« La montée de l’extrémisme violent comme menace sur l’État, la cohésion sociale, les droits et libertés », c’est le thème de la 2ème édition du colloque international qui réunit, pendant quatre jours à Bamako, écrivains, journalistes et communicateurs traditionnels. Nous avons rencontré, en marge de ce colloque, M. Boubacar Ba, Juriste, spécialiste en résolution des conflits. Il revient sur les grandes lignes de sa communication sur « le centre du Mali face aux tensions communautaires et au défi djihadiste ».
Sahelien.com : Après le nord, les regards se tournent vers le centre du Mali. Qu’est ce qui explique l’intensification des attaques dans cette région?
Boubacar Ba : Il y a une émergence d’acteurs nouveaux qui sont constitués de groupes armés, de rebelles, des milices d’autodéfense. Ces groupes sont l’émanation des populations. Ce ne sont pas des étrangers, ils sont issus du terroir. A l’Est du delta central, dans la zone qu’on appelle le Senomango, c’est-à-dire Douentza, Koro et Bankass, il y a des groupes qui sont issus du milieu pastoral qui ont des connivences avec les groupes terroristes comme le MUJAO et le Front de libération du Macina. Ils utilisent les conflits locaux pour développer des revendications. En l’absence de l’Etat, des élus, de l’administration, ce sont eux qui contrôlent les ressources naturelles. Aujourd’hui, il y a une question de relation de pouvoir qui se pose entre les structures traditionnelles anciennement établies et ces acteurs émergents qui veulent aussi avoir leur mot à dire dans la gestion des relations sociales, dans la gestion du pouvoir local, dans la gestion des ressources naturelles. C’est valable à l’Ouest du delta central, notamment dans le cercle de Ténenkou où, il y a eu un conflit entre agriculteurs et éleveurs. L’enjeu, c’est le contrôle des territoires, des ressources et du pouvoir local.
Sahelien.com : Au cours de votre exposé vous avez évoqué la question d’identité locale, pouvez-vous nous en dire davantage ?
Boubacar Ba : Pour que ces groupes puissent s’installer, ils déstabilisent le système en s’appuyant sur les conflits, mais aussi en montrant à ces populations qu’elles n’ont plus de repère aujourd’hui. Ils fragilisent la société et disent aux gens qu’ils n’ont pas de recours et qu’ils sont les seuls, puisque l’Etat n’est pas là. Ils amènent une autre identité que nous, nous ne comprenons pas. Cette identité est basée sur la violence et sur les milices d’autodéfense. Cela amène une sorte d’extrémisme violent qui bloque tout. C’est cette identité qui est menacée, cette absence de démocratie, d’état de droit.

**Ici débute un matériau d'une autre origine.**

Lemma W_signal u : u \in s -> f (W u) (next s u) != f (W' u) (next s u).
Proof. by move=> /witnessP/andP[]. Qed.

Lemma W_ne u : u \in s -> W u u != W' u u.
Proof.
move=> us; apply: contra (W_signal u us) => /eqP E.
suff -> : W u = W' u by [].
by apply/ffunP => j; case: (eqVneq j u) => [->//|ju]; exact: W_agree.
Qed.

(* For a vertex p off the cycle, the cycle vertex whose successor is a child
   of p (unique, by the absence of siblings). *)
Definition child_pred p : 'I_N :=
  odflt p [pick u | (u \in s) && sig_edge f p (next s u)].

Lemma child_predE p u : u \in s -> sig_edge f p (next s u) -> child_pred p = u.
Proof.
move=> us e; rewrite /child_pred; case: pickP => [u' /andP[u's e']|none] /=.
  by apply: next_inj; apply: (no_siblings p); rewrite ?mem_next.
by move: (none u); rewrite us e.
Qed.

Definition phi x (i : I x) : A x :=
  if x \in s then
    (if ((sel x (W (prev s x) x) i).1 == f (W (prev s x)) x) (+) (x == v0)
     then W x x else W' x x)
  else W (child_pred x) x.

Definition o_loop : vec N O := xchoose (adaptive_fixpoint phi).
Definition b : vec N A := finfun (fun k => phi k (w o_loop k)).

Lemma fixo_b : fixo b = o_loop.
Proof. exact/eqP/(xchooseP (adaptive_fixpoint phi)). Qed.

Definition patch u : vec N A :=
  finfun (fun m => if m == next s u then W u m else b m).

Section Edge.
Variable u : 'I_N.
Hypothesis us : u \in s.
Let v := next s u.

Lemma edge_uv : sig_edge f u v.
Proof. exact: next_cycle. Qed.

Lemma b_next : (b v == W v v) =
  ((sel v (W u v) (w o_loop v)).1 == f (W u) v) (+) (v == v0).
Proof.
rewrite ffunE /phi mem_next us /v prev_next //.
case: ifP => _; first by rewrite eqxx.
by rewrite eq_sym (negbTE (W_ne (next s u) _)) // mem_next.
Qed.

Lemma b_choice : b u = W u u \/ b u = W' u u.
Proof. by rewrite ffunE /phi us; case: ifP; [left|right]. Qed.

(* The selected output of v is f at the patched settings: v's input does not
   depend on v's own setting. *)
Lemma sel_patch : (sel v (W u v) (w o_loop v)).1 = f (patch u) v.
Proof.
rewrite f_fixo ffunE eqxx -fixo_b; congr (sel _ _ _).1.
by apply: input_independent => j /negbTE jv; rewrite [patch u j]ffunE jv.
Qed.

(* Every parent k != u of v lies off the cycle, hence plays W u k = W' u k;
   so the patch agrees with either witness on v and its parents. *)
Lemma patch_parents (p : vec N A) : p = W u \/ p = W' u -> p u = b u ->
  f (patch u) v = f p v.
Proof.
move=> Hp pu; apply: parents_determine => k /orP[/eqP->|ekv].
  rewrite ffunE eqxx; case: Hp => -> //; apply: W_agree => //.
  by rewrite eq_sym; case/andP: edge_uv.
have kv : k != v by case/andP: ekv.
rewrite ffunE (negbTE kv); case: (eqVneq k u) => [->//|ku].
have ks : k \notin s.
  apply: contra ku => ks; apply/eqP/next_inj.
  by apply: (no_siblings k); rewrite ?mem_next // next_cycle.
rewrite ffunE /phi (negbTE ks) (child_predE k u us ekv).
by case: Hp => -> //; exact: W_agree.
Qed.

Lemma label_flip : (b v == W v v) = (b u == W u u) (+) (v == v0).
Proof.
rewrite b_next sel_patch; congr (_ (+) _).
case: b_choice => E.
  by rewrite E eqxx (patch_parents (W u)) ?eqxx //; left.
rewrite E (patch_parents (W' u)); [|by right|by rewrite E].
rewrite [W' u u == _]eq_sym (negbTE (W_ne u us)) eq_sym.
exact/negbTE/W_signal.
Qed.

End Edge.

Lemma sibling_free_cycle_contra : False.
Proof.
apply: (cycle_single_flip (B := fun x => b x == W x x) s_def s_uniq) => u us.
exact: label_flip.
Qed.

End Cycle.
End Simulation.

Arguments sibling_free_cycle_contra {R N A X I O f w L} L_local w_process w_supp
  {s s' v0}.

Theorem corollary7 (R : realType) (N : nat) (A X : 'I_N -> finType)
  (f : {dffun forall k : 'I_N, A k} -> {dffun forall k : 'I_N, X k}) :
  ~ siblings_on_cycles (sig_edge f) -> antinomic (det_corr R f).
Proof.
move=> not_soc [I [O [L [p [L_local [m [lam [w [lam_ge0 lam_sum1 w_proc p_def]]]] Hq]]]]].
apply: not_soc => s s_size s_uniq s_cycle; apply: NNPP => no_sib.
have no_siblings r x y : x \in s -> y \in s -> sig_edge f r x -> sig_edge f r y -> x = y.
  move=> xs ys ex ey; case: (eqVneq x y) => // xy.
  by case: no_sib; exists x, y, r.
have [j0 /= lam_j0] : exists j0, predT j0 && (0 < lam j0).
  by apply: psumr_neq0P => //; rewrite lam_sum1; exact/eqP/oner_neq0.
have w_supp a x : 0 < compose L (delta_fun R (w j0)) a x -> x = f a.
  move=> Hpos; apply/eqP/negPn/negP => xf.
  have comp_ge0 j : 0 <= compose L (delta_fun R (w j)) a x.
    by have [] := w_proc j _ _ L L_local a.
  have := support_component (q := fun j x => compose L (delta_fun R (w j)) a x)
    lam_ge0 comp_ge0 lam_j0 Hpos.
  by rewrite -(compose_convex L p_def) -Hq /det_corr [f a == x]eq_sym (negbTE xf) eqxx.
case Es: s s_size => [|v0 s'] // _.
exact: (sibling_free_cycle_contra L_local (w_proc j0) w_supp Es s_uniq s_cycle no_siblings).
Qed.
(* Let $Q$ be an $[[n,k,d]]$ stabilizer code with codespace projector $P_Q$ whose Shor–Laflamme enumerators satisfy $A_{2i+1}=0$ for all $i$. Then $$\sum_{i=0}^n i\cdot 3^{-i}A_i\le\frac n4\,\frac{2^{n-k}}{3^n}\,B_n.$$
   Context: For an $[[n,k,d]]$ stabilizer code with projector $P_Q$ onto its $2^k$-dimensional codespace, the Shor–Laflamme enumerators are $A_i=\frac{1}{2^{2k}}\sum_{\sigma:w(\sigma)=i}\mathrm{Tr}[\sigma P_Q]\mathrm{Tr}[\sigma^\dagger P_Q]$ and $B_i=\frac{1}{2^k}\sum_{\sigma:w(\sigma)=i}\mathrm{Tr}[\sigma P_Q\sigma^\dagger P_Q]$, where $\sigma$ ranges over the $n$-qubit Pauli operators $\{\mathbb{1},X,Y,Z\}^{\otimes n}$ and $w(\sigma)$ is the number of non-identity tensor factors. *)

From mathcomp Require Import all_boot all_order all_algebra all_field.
Set Implicit Arguments. Unset Strict Implicit. Unset Printing Implicit Defensive.
Import Order.TTheory GRing.Theory Num.Theory.
Local Open Scope ring_scope.

(* n-qubit Pauli strings: each factor coded as 0 = 1, 1 = X, 2 = Y, 3 = Z. *)
Definition pstring (n : nat) := {ffun 'I_n -> 'I_4}.

Definition wt n (s : pstring n) : nat := #|[set j | s j != ord0]|.

(* k-th bit of a computational basis index i of (C^2)^{\otimes n} *)
Definition qbit n (i : 'I_(2 ^ n)) (k : 'I_n) : bool := odd (i %/ 2 ^ k).

Definition pauli1 (p : 'I_4) (a b : bool) : algC :=
  match val p with
  | 0 => (a == b)%:R
  | 1 => (a != b)%:R
  | 2 => if a == b then 0 else if a then 'i else - 'i
  | _ => if a == b then (if a then -1 else 1) else 0
  end.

Sahelien.com : Que pensez-vous de la décision, il y a quelques jours, de l’Alliance nationale pour la sauvegarde de l’identité peule et la restauration de la justice (ANSIPRJ), de déposer les armes ?
Boubacar Ba : Il va falloir approfondir la réflexion. Il faut voir quel est l’ancrage réel de ce groupe armé. En avril dernier, il y a un autre groupe présent au centre et un peu à l’ouest du delta qui a déposé les armes. Il faudra analyser en profondeur le contenu de la déclaration et de leur engagement parce que nous sommes dans un processus de DDR (Désarmement Démobilisation Réinsertion) qui s’annonce. Est-ce que c’est des positionnements par rapport au DDR ? Est-ce qu’il y a réellement une volonté politique de déposer les armes ? Je ne pourrai confirmer sans analyse approfondie. Et puis, il faut une étude sur le terrain pour comprendre quels sont leurs modes opératoires, leur ancrage communautaire ou social, et leur capacité à être en mutation en intégrant un système normal à travers le DDR.
Sahelien.com : Que proposez-vous pour sortir de cette situation?
Boubacar Ba : Dans un premier temps, il va falloir identifier les foyers d’évolution de ces groupes-là. Il faut bien les localiser, voir quelles sont leurs caractéristiques. Il y a parmi eux, des groupes d’autodéfense communautaires, des groupes dits djihadistes. Il va falloir les répertorier, voir leur lien avec les acteurs du nord qui les influence, même les acteurs internationaux. Le lien entre le groupe état islamique qui commence à prendre corps dans le pays et Aqmi qui est au nord. Il faudra bien les identifier pour voir quel type de processus permettra de continuer à discuter avec leurs représentants. Il faut aussi voir la possibilité d’extraire les jeunes de ces groupes, parce que c’est là le danger. Ensuite, il faut répondre par un projet communautaire très fort, par une forte sensibilisation des acteurs sur le terrain, par une conscientisation au niveau national avec les élites locales, les gouvernants ainsi que la société civile qui doit s’activer pour trouver des solutions.